Input for this task:
Theorem theorem3 (d : nat) (Y : zvec d -> bool) (q r : nat) :
  is_cube_packing Y ->
  ncubes Y = (4 * q + r)%N -> (r <= 3)%N ->
  moment Y 1 = (3%:R ^+ d / 4%:R ^+ d) * (ncubes Y)%:R /\
  moment Y 1 + (ncubes Y)%:R * ((ncubes Y)%:R - 1) * (2%:R ^+ d)^-1
    + (2%:R ^+ d)^-1 * d%:R * (2%:R * q%:R * (q%:R - 1) + r%:R * q%:R)
    <= moment Y 2.
Proof.
move=> [Y_periodic _] card_Y _.
split; first by rewrite moment1E // natrM natrX mulrA [_^-1 * _]mulrC.
have := sum_prod_agree_ge (A := corners Y) (q := q) (r := r).
rewrite card_ord -ncubesE card_ord => /(_ card_Y).
rewrite -(ler_nat Rdefinitions.R) !(natrM, natrD, natrX) !natrM_subn1.
rewrite moment1E // moment2E // natrM natrX.
set L := (X in X <= _); set S := (X in _ <= X) => key.
have two_d_gt0 : (0 : Rdefinitions.R) < 2%:R ^+ d by rewrite exprn_gt0.
have -> : (4%:R ^+ d : Rdefinitions.R) = 2%:R ^+ d * 2%:R ^+ d.
  by rewrite -exprMn -natrM.
rewrite -(@ler_pM2l _ (2 * (2%:R ^+ d * 2%:R ^+ d))) ?mulr_gt0 //.
rewrite [X in X <= _](_ : _ = L) ?[X in _ <= X](_ : _ = S) // /L /S.
all: by field; rewrite gt_eqF.
Qed.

What you are asked to do: Report every line containing the string "have" in the material.

Expected answer:
have := sum_prod_agree_ge (A := corners Y) (q := q) (r := r).
have two_d_gt0 : (0 : Rdefinitions.R) < 2%:R ^+ d by rewrite exprn_gt0.
have -> : (4%:R ^+ d : Rdefinitions.R) = 2%:R ^+ d * 2%:R ^+ d.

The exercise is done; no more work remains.